* Exercise directions *
Within the entries below, find the portion that opens with the line containing "Lemma one_add_cos_two_cluster_phases_le j" and closes with the line containing "unfold order_param, Rdiv.". Retype that portion exactly and only.

----- Provided records

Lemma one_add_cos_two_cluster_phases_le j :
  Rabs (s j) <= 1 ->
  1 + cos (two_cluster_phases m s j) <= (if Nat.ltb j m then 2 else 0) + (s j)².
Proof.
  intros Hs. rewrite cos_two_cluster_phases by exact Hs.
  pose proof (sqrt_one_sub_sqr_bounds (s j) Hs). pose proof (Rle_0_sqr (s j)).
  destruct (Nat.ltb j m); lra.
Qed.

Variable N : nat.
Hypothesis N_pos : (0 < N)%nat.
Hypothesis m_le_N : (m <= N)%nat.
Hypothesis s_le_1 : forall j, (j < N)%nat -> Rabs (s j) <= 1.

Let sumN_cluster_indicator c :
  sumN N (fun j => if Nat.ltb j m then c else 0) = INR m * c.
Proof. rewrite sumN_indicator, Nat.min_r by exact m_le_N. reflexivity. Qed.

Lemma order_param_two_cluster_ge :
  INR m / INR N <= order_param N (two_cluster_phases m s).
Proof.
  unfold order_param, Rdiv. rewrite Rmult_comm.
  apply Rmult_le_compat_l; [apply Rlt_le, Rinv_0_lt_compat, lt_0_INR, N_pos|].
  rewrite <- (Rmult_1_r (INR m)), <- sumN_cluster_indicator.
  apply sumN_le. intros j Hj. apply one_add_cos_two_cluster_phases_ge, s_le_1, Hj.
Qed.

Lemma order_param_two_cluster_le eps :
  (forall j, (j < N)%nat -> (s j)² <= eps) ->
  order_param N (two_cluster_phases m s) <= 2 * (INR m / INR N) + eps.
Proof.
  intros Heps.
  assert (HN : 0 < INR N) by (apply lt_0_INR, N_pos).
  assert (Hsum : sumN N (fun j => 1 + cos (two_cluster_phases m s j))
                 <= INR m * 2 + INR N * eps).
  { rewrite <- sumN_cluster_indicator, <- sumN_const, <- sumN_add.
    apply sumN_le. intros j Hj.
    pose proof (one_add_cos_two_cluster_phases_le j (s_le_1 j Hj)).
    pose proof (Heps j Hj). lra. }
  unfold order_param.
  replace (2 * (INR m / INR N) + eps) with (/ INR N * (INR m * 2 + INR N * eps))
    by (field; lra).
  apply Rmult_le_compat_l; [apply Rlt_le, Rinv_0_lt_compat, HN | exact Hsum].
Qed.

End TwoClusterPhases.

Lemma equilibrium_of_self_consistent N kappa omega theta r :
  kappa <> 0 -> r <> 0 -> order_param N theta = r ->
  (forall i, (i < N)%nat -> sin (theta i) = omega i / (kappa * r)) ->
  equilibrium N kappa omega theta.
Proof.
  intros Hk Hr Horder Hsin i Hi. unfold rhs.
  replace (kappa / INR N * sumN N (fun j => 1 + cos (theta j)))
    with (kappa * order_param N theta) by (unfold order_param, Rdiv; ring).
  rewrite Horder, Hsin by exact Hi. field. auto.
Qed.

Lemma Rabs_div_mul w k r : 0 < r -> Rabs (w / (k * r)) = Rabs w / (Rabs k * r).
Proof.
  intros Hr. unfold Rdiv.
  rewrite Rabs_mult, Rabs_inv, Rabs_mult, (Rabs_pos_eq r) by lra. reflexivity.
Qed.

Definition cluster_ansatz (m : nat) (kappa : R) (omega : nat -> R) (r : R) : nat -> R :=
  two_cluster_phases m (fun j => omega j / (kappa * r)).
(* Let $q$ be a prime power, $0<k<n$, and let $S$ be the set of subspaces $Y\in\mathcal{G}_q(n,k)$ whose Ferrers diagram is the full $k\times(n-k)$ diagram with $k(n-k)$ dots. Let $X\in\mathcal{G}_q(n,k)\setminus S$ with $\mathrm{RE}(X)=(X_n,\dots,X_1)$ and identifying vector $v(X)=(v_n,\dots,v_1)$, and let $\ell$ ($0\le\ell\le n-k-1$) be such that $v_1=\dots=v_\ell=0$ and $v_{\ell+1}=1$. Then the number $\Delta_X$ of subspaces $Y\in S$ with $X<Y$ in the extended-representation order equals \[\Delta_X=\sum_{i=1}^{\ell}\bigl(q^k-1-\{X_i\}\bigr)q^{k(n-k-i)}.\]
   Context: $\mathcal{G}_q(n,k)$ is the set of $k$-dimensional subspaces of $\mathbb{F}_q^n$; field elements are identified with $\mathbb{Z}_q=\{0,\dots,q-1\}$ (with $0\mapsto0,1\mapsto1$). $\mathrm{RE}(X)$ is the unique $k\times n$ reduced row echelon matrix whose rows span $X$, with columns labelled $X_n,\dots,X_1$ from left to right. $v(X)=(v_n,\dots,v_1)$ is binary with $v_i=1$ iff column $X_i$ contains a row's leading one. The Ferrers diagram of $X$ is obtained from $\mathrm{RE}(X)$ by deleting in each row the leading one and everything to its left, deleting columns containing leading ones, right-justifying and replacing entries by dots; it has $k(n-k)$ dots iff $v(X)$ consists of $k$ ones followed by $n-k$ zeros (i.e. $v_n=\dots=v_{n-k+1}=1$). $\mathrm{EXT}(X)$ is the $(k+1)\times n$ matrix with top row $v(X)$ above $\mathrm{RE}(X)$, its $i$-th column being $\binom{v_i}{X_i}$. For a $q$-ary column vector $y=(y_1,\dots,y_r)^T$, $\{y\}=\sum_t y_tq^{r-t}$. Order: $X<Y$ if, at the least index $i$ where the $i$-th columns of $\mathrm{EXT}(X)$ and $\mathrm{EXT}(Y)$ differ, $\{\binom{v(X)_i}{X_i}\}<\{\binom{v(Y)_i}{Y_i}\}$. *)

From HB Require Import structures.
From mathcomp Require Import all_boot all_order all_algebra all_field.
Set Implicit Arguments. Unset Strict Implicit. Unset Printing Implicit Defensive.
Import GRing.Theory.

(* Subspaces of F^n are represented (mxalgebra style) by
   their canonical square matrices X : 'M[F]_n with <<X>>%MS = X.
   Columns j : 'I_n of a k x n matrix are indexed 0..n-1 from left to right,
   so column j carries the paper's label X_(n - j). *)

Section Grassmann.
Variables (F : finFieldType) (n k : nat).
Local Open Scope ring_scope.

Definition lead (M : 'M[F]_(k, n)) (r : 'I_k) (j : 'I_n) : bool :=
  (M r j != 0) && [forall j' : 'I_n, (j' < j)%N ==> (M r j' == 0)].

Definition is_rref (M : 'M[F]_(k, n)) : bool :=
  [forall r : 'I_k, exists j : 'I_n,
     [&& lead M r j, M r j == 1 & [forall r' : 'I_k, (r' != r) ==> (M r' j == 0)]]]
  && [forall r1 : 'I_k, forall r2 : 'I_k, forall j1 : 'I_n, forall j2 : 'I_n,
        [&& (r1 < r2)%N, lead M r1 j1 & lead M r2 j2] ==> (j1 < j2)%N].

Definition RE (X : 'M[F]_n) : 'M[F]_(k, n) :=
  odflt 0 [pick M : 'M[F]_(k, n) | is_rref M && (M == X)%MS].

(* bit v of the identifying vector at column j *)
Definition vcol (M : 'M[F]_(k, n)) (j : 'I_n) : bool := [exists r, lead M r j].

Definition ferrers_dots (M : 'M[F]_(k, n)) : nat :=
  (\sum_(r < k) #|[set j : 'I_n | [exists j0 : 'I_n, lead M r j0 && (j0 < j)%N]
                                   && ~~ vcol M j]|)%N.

----------
----- Provided records

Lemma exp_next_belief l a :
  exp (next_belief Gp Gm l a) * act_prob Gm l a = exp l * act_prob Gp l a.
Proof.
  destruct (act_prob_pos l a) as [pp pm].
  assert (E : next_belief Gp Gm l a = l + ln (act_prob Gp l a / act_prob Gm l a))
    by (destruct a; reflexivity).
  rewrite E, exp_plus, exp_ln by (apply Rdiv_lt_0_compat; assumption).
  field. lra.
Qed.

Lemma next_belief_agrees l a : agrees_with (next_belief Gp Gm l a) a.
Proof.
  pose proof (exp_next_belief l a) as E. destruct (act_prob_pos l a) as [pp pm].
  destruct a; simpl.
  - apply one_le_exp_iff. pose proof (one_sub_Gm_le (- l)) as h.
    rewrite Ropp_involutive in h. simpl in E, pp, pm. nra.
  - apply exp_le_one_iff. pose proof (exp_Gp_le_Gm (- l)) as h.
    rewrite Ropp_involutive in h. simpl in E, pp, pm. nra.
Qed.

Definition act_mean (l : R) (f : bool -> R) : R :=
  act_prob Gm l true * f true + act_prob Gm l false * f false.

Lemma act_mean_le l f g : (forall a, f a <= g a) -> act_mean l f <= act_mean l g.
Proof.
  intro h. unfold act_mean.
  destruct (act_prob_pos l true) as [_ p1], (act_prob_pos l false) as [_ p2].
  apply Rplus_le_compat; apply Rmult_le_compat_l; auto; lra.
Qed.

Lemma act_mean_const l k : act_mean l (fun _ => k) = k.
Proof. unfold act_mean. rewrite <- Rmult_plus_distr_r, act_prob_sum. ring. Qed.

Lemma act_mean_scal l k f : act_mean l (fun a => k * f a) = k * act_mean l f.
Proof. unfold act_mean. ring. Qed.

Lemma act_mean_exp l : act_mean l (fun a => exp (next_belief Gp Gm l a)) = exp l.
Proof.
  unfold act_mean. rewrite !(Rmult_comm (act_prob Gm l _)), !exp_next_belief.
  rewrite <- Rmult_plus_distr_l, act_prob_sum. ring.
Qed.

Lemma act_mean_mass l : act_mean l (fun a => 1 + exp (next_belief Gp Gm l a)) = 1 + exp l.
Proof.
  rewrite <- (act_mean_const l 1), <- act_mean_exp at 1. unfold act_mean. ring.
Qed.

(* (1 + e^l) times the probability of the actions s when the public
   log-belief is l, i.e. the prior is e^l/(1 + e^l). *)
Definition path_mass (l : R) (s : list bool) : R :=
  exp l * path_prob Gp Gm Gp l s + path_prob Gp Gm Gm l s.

----------
----- Provided records

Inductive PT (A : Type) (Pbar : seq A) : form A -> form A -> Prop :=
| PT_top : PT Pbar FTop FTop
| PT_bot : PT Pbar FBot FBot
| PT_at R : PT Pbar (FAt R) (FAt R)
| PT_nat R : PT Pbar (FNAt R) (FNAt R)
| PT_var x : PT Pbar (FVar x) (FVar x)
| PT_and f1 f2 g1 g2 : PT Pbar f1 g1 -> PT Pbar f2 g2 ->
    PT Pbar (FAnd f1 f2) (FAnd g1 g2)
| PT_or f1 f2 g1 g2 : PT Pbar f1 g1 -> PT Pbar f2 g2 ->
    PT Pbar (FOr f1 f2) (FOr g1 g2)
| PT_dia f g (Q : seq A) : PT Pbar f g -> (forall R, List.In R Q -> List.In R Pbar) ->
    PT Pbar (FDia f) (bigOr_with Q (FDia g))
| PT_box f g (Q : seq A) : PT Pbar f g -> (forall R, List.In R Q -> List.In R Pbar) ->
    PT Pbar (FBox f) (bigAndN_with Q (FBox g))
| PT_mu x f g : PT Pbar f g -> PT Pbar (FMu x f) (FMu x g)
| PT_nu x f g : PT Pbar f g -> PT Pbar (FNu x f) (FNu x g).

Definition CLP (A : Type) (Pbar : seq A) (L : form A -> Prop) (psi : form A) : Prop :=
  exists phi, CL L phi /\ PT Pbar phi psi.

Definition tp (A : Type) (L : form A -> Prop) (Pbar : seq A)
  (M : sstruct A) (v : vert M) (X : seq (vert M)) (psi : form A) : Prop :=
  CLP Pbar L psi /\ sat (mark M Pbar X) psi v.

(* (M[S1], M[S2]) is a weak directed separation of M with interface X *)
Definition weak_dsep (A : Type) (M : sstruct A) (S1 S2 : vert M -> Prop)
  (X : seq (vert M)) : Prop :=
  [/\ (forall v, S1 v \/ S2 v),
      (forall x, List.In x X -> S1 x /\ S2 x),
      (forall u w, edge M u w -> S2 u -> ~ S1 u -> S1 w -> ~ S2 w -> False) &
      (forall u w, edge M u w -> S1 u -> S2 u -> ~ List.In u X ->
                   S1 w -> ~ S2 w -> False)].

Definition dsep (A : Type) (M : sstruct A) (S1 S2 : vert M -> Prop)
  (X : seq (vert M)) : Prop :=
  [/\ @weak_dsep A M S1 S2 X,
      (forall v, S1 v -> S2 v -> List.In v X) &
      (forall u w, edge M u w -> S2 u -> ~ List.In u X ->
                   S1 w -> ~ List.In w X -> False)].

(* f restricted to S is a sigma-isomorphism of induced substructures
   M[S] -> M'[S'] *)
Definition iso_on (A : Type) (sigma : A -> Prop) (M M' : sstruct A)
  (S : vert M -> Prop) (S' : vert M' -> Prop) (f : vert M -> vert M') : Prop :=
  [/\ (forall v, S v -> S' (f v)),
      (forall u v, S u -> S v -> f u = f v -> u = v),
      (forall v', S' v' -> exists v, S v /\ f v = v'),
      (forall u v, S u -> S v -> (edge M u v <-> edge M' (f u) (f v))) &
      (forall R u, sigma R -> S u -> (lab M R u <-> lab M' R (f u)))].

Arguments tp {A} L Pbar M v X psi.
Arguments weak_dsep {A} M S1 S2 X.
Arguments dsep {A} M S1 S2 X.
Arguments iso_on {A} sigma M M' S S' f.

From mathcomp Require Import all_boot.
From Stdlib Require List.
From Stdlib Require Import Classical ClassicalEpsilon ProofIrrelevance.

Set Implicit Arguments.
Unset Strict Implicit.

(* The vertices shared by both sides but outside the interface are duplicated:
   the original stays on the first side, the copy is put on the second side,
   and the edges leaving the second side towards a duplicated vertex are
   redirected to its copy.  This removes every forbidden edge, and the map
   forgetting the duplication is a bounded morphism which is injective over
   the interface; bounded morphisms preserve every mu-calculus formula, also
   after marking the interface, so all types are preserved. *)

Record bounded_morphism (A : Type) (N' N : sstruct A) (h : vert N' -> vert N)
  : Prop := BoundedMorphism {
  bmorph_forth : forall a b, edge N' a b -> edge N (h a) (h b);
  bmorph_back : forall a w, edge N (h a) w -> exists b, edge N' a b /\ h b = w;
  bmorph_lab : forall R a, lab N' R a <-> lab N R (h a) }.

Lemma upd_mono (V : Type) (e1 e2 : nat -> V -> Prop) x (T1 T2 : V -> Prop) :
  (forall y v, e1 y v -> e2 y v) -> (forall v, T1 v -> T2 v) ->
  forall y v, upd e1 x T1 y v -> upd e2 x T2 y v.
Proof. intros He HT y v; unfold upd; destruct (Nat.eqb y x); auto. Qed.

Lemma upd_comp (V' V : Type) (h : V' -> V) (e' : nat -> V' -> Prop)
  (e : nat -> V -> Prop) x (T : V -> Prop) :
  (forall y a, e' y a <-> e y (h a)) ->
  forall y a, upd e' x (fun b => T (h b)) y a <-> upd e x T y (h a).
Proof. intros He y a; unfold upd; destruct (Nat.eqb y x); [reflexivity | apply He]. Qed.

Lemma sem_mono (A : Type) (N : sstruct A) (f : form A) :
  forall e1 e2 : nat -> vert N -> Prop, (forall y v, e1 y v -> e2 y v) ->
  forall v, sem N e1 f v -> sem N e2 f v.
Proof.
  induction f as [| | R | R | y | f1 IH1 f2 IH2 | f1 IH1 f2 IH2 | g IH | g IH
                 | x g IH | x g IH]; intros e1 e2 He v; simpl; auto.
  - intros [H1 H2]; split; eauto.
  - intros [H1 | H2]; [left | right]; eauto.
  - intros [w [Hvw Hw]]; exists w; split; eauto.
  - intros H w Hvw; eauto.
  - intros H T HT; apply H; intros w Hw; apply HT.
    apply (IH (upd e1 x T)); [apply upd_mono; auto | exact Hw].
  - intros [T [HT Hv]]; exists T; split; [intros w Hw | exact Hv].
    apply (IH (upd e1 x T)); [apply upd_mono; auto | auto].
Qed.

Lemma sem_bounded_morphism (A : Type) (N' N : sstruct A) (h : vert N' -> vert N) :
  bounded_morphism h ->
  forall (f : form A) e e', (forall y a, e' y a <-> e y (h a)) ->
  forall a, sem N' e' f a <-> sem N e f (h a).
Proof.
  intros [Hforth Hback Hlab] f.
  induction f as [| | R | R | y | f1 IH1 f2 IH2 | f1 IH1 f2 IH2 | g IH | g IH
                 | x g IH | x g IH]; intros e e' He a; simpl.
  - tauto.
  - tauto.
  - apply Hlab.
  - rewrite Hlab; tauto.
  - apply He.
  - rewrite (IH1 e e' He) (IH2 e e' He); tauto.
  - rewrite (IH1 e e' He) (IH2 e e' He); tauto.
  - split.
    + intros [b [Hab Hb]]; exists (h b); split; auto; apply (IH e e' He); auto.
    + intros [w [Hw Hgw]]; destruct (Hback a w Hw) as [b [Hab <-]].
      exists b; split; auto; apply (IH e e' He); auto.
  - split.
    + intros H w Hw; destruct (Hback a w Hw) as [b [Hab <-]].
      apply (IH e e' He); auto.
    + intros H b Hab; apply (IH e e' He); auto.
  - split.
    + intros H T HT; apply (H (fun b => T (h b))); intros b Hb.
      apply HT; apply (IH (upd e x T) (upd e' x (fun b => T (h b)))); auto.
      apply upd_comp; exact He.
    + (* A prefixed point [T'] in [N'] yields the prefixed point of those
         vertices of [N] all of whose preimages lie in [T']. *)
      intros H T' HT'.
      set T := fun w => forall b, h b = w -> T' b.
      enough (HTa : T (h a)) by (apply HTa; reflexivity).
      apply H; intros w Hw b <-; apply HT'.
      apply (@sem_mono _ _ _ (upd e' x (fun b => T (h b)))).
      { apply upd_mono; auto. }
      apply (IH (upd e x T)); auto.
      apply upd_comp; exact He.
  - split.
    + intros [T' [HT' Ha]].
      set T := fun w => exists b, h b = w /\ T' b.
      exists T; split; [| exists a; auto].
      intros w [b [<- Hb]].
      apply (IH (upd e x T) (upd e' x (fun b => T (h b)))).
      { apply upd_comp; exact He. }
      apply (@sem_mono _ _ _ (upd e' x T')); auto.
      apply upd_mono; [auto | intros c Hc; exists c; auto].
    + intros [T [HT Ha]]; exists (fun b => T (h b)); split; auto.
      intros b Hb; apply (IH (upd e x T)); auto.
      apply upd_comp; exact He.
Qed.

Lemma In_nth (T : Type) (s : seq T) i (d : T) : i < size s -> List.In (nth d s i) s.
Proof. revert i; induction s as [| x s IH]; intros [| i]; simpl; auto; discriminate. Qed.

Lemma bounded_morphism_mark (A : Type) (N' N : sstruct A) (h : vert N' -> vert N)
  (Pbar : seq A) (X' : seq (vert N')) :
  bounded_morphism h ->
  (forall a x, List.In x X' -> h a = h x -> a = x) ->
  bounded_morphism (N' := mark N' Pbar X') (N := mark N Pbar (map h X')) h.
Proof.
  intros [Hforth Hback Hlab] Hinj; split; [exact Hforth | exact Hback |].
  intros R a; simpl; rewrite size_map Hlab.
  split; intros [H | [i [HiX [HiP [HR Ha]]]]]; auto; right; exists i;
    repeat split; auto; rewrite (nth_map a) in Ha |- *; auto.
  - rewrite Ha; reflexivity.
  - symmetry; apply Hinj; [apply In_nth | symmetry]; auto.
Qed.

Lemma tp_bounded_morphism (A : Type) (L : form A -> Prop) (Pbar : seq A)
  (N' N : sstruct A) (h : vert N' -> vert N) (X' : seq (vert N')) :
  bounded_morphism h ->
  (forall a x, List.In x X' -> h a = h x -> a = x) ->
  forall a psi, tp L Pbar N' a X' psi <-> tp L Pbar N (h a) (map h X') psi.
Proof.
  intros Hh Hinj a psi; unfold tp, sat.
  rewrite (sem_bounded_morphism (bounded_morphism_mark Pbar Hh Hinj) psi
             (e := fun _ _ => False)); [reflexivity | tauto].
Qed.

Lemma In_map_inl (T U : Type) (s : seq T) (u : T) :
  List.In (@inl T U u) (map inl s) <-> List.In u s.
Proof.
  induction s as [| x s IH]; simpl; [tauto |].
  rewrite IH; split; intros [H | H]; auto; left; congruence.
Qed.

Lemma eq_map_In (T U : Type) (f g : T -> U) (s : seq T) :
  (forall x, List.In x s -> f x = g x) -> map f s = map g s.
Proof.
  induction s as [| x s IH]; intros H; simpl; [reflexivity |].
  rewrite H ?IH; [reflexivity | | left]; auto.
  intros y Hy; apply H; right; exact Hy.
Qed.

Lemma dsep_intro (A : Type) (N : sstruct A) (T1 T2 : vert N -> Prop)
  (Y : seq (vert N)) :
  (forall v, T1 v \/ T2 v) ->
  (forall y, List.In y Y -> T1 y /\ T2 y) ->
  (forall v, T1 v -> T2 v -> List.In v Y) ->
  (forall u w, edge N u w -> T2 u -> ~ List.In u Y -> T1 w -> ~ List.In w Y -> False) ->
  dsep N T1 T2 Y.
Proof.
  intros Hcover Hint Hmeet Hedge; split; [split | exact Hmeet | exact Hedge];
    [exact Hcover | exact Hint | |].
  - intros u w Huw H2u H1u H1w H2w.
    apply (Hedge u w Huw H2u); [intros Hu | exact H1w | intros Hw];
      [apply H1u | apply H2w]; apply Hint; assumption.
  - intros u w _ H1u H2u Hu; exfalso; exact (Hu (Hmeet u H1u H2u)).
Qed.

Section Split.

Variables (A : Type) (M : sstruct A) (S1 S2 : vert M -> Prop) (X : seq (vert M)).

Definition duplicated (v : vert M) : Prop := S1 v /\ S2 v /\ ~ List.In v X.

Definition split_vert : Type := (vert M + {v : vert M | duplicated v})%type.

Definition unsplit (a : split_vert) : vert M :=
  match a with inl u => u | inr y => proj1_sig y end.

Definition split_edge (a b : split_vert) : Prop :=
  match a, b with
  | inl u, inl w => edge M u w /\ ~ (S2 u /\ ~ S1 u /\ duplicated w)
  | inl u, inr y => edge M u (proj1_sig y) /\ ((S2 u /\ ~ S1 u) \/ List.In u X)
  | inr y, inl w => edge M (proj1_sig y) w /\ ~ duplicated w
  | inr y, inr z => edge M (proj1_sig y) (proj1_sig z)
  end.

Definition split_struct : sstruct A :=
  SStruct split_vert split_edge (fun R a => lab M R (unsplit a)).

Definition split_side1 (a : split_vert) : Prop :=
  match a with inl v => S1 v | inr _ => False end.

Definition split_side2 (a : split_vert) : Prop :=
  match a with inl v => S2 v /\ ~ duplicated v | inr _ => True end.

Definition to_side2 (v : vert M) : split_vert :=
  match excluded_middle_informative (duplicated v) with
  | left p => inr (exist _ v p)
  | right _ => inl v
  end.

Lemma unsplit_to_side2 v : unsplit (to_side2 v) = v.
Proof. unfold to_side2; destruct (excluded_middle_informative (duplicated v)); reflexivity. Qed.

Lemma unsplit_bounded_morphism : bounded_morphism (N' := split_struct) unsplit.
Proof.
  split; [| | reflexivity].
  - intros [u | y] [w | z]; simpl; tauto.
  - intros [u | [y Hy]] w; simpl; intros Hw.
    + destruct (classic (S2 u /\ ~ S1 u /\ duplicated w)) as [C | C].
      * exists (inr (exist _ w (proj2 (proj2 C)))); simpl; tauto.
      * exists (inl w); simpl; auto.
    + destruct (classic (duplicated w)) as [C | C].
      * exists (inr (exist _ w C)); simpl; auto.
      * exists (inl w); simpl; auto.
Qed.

----------

* Task answer *
Lemma one_add_cos_two_cluster_phases_le j :
  Rabs (s j) <= 1 ->
  1 + cos (two_cluster_phases m s j) <= (if Nat.ltb j m then 2 else 0) + (s j)².
Proof.
  intros Hs. rewrite cos_two_cluster_phases by exact Hs.
  pose proof (sqrt_one_sub_sqr_bounds (s j) Hs). pose proof (Rle_0_sqr (s j)).
  destruct (Nat.ltb j m); lra.
Qed.

Variable N : nat.
Hypothesis N_pos : (0 < N)%nat.
Hypothesis m_le_N : (m <= N)%nat.
Hypothesis s_le_1 : forall j, (j < N)%nat -> Rabs (s j) <= 1.

Let sumN_cluster_indicator c :
  sumN N (fun j => if Nat.ltb j m then c else 0) = INR m * c.
Proof. rewrite sumN_indicator, Nat.min_r by exact m_le_N. reflexivity. Qed.

Lemma order_param_two_cluster_ge :
  INR m / INR N <= order_param N (two_cluster_phases m s).
Proof.
  unfold order_param, Rdiv. rewrite Rmult_comm.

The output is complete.